Monday's talk by the writer Ann Wroe on her latest literary biography, Being Shelley, was a sell-out. And those purchasing their tickets were more than satisfied: i.e. engrossed and exhilarated!
Speaking as one with a fair working knowledge of Shelley's poetry, but who for reasons of temperament has never been especially drawn, I have to admit to being riveted by Ann's exposition of her book and its extraordinary subject - that passionate mercurial Romantic poet, who for four intense and intensive years had cast such a spell over his biographer.
The product of that spell is a meticulously researched and eloquently presented study - not so much of the poet's life per se, but rather the soul, mind and imagination of the man: in short his being.
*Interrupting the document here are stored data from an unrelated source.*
(* Let $(x_1,\dots,x_{r+1})$ be a nonbacktracking walk in an undirected graph without loops. Then for every repeating edge block, with first node at position $a$: (i) $x_a=x_j$ for some $j<a$ (equivalently, in the notation of Lemma 4, the list $\mathbf R_2$ of repeating edge blocks whose first-node vertex has not appeared earlier in the walk is empty); and (ii) either $x_a=x_1$ or $x_a=x_j$ for some position $j$ in the new edge interior.
   Context: A walk of length $r$ is a sequence $(x_1,\dots,x_{r+1})$ of vertices with each $\{x_i,x_{i+1}\}$ an edge; it is nonbacktracking if $x_i\neq x_{i+2}$ for all $i\in\{1,\dots,r-1\}$. The $i$-th edge $\{x_i,x_{i+1}\}$ is a new edge if it differs from $\{x_j,x_{j+1}\}$ for all $j<i$, and a repeating edge otherwise. A repeating edge block is a maximal run of consecutive repeating edges, say edges $a,\dots,b-1$ ($a<b$); its first node is position $a$ and its last node is position $b$. The new edge interior is the list of positions $m$ with $2\le m\le r$ such that both the $(m-1)$-th and $m$-th edges are new. *)

From mathcomp Require Import all_boot.
Set Implicit Arguments. Unset Strict Implicit. Unset Printing Implicit Defensive.

(* A walk of length r is x 1, ..., x (r+1) (1-indexed; values of x outside
   1..r+1 are irrelevant). The graph is a relation e on an eqType T. *)

Definition undirected_loopless (T : eqType) (e : rel T) : Prop :=
  symmetric e /\ irreflexive e.

Definition is_walk (T : eqType) (e : rel T) (x : nat -> T) (r : nat) : Prop :=
  forall i, 1 <= i <= r -> e (x i) (x i.+1).

Definition nonbacktracking (T : eqType) (x : nat -> T) (r : nat) : Prop :=
  forall i, 1 <= i <= r - 1 -> x i != x i.+2.

Definition same_edge (T : eqType) (x : nat -> T) (i j : nat) : bool :=
  ((x i == x j) && (x i.+1 == x j.+1)) || ((x i == x j.+1) && (x i.+1 == x j)).

Definition new_edge (T : eqType) (x : nat -> T) (i : nat) : Prop :=
  forall j, 1 <= j < i -> ~~ same_edge x i j.

Definition repeating_edge (T : eqType) (x : nat -> T) (i : nat) : Prop :=
  ~ new_edge x i.

(* edges a, ..., b-1 form a repeating edge block (maximal run of repeating
   edges) in a walk of length r; its first node is position a and its
   last node is position b *)
Definition repeating_edge_block (T : eqType) (x : nat -> T) (r a b : nat) : Prop :=
  [/\ 1 <= a < b, b <= r.+1,
      (forall i, a <= i < b -> repeating_edge x i),
      (a = 1 \/ new_edge x a.-1) &
      (b = r.+1 \/ new_edge x b)].

Definition in_new_edge_interior (T : eqType) (x : nat -> T) (r m : nat) : Prop :=
  [/\ 2 <= m <= r, new_edge x m.-1 & new_edge x m].

From mathcomp Require Import all_boot zify.
Set Implicit Arguments. Unset Strict Implicit.

(* The first visit p of the vertex x_a has both incident edges new: edge p-1
   because it reaches a fresh vertex, edge p because an earlier copy of it
   would have to leave x_p from an earlier visit or, read backwards, come
   straight back to x_(p-1), which nonbacktracking forbids.  Since edge a is
   repeating, p < a, so p = 1 or p lies in the new edge interior. *)

Definition first_visit (T : eqType) (x : nat -> T) (p : nat) : Prop :=
  forall k, 1 <= k < p -> x k != x p.

Section FirstVisit.
Variables (T : eqType) (x : nat -> T).

Lemma first_visit_exists a : 0 < a ->
  exists p, [/\ 0 < p <= a, x p = x a & first_visit x p].
Proof.
move=> a_gt0.
have hasa : exists p, (0 < p) && (x p == x a) by exists a; rewrite a_gt0 eqxx.
case: (ex_minnP hasa) => p /andP [p_gt0 /eqP xpa] p_min.
have p_le_a : p <= a by apply: p_min; rewrite a_gt0 eqxx.
exists p; split => //; first by rewrite p_gt0.
move=> k /andP [k_gt0 k_lt_p]; apply/eqP => xkp.
by have := p_min k; rewrite k_gt0 xkp xpa eqxx => /(_ isT); rewrite leqNgt k_lt_p.
Qed.

Lemma first_visit_new_edge_pred p : first_visit x p -> new_edge x p.-1.
Proof.
case: p => [|p] fresh q /andP [q_gt0 q_lt] //=.
rewrite /same_edge negb_or !negb_and.
by apply/andP; split; apply/orP; right; rewrite eq_sym fresh //; lia.
Qed.

Lemma first_visit_new_edge r p : nonbacktracking x r -> 1 <= p <= r ->
  first_visit x p -> new_edge x p.
Proof.
move=> nbt p_range fresh q /andP [q_gt0 q_lt_p].
rewrite /same_edge negb_or !negb_and.
apply/andP; split; apply/orP.
- by left; rewrite eq_sym fresh ?q_gt0.
have [q1_lt_p|q1_eq_p] : q.+1 < p \/ q.+1 = p by lia.
  by left; rewrite eq_sym fresh //; lia.
by right; rewrite -q1_eq_p eq_sym nbt //; lia.
Qed.

End FirstVisit.

Theorem lemma5 (T : eqType) (e : rel T) (x : nat -> T) (r : nat) :
  undirected_loopless e -> is_walk e x r -> nonbacktracking x r ->
  forall a b, repeating_edge_block x r a b ->
    (exists2 j, 1 <= j < a & x a = x j) /\
    (x a = x 1 \/ exists2 j, in_new_edge_interior x r j & x a = x j).
Proof.
move=> _ _ nbt a b [ab_range b_le rep _ _].
have [p [p_range xpa fresh]] := @first_visit_exists _ x a ltac:(lia).
have p_lt_a : p < a.
  rewrite ltn_neqAle (proj2 (andP p_range)) andbT; apply/eqP => p_eq_a.
  apply: (rep a); first lia.
  by rewrite -p_eq_a; apply: (first_visit_new_edge nbt) => //; lia.
split; first by exists p => //; lia.
have [p_eq1|p_ne1] := eqVneq p 1; first by left; rewrite -xpa p_eq1.
right; exists p => //; split; first lia.
- exact: first_visit_new_edge_pred.
- by apply: (first_visit_new_edge nbt) => //; lia.
Qed.
(* The homotopy $H:\mathcal{T}^c(M)\to\mathcal{T}^c(M)$ maps the sub-$\mathbb{S}$-module $\mathcal{G}^{¡}\subset\mathcal{T}^c(M)$ into itself.
   Context: $M$ is spanned by arity-2 elements $\mu$ (degree 1) and $\beta$ (degree 2), trivial $\mathbb{S}_2$-action. The Gerstenhaber operad is $\mathcal{G}=\mathcal{T}(s^{-1}M)/(R)$ with $s^{-1}\mu=\bullet$ (commutative associative product) and $s^{-1}\beta=\langle\,,\rangle$ (degree-1 Lie bracket), with Leibniz compatibility. Its Koszul dual cooperad $\mathcal{G}^{¡}$ is the intersection of $\mathcal{T}^c(M)\subset\mathcal{T}^c(s\overline{\mathcal{G}})$ with the kernel of the coderivation $d_2$ of the bar construction induced by infinitesimal composition in $\mathcal G$. $H$ is defined as follows: for a binary tree and vertex $v$, $\omega(v)=m_vn_v$ where $m_v,n_v$ are the numbers of leaves above the two inputs of $v$; $h:M\to M$ sends $\beta\mapsto\mu,\mu\mapsto0$; $H$ sends a decorated tree with $n$ vertices to $\sum_v\frac{\omega(v)}{\binom{n+1}{2}}$ times the tree with $h$ applied at $v$ (Koszul sign, vertices ordered via the planar representation). *)

From HB Require Import structures.
From mathcomp Require Import all_boot all_order all_algebra.
Set Implicit Arguments. Unset Strict Implicit. Unset Printing Implicit Defensive.
Import GRing.Theory.
Local Open Scope ring_scope.

(* Generators of M: mu (degree 1) and beta (degree 2), arity 2, trivial S_2-action. *)
Inductive dec := Mu | Be.

Definition dec_eqb (a b : dec) : bool :=
  match a, b with Mu, Mu | Be, Be => true | _, _ => false end.
Lemma dec_eqP : Equality.axiom dec_eqb.
Proof. by case; case; constructor. Qed.
HB.instance Definition _ := hasDecEq.Build dec dec_eqP.

Definition deg (d : dec) : nat := if d is Mu then 1%N else 2%N.

Inductive tree := Lf of nat | Nd of dec & tree & tree.

Fixpoint leaves (t : tree) : seq nat :=
  match t with Lf i => [:: i] | Nd _ l r => leaves l ++ leaves r end.
Definition nleaves (t : tree) : nat := size (leaves t).

Fixpoint tdeg (t : tree) : nat :=
  match t with Lf _ => 0%N | Nd d l r => (deg d + tdeg l + tdeg r)%N end.
Definition tpar (t : tree) : bool := odd (tdeg t).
Trying to write (or talk!) about anyone's thought and feeling is difficult enough, but to convey a personality as complex, elusive, fluid and rarefied as Shelley's is a near miracle. And somehow Ann Wroe achieved just that. I suppose it is all a matter of scholarship being wedded to ardour. It was exactly the fusion of those two which made the event so appreciated by the audience, whose interesting and searching questions certainly reflected their enjoyment.
Copies of Being Shelley: The Poet's Search For Himself (Hardback pub. Jonathan Cape; Paperback pub. Vintage) can be purchased/ordered from the Three Counties Bookshop who also stock other studies by Ann Wroe, notably her biography of Pontius Pilate, an absorbing work.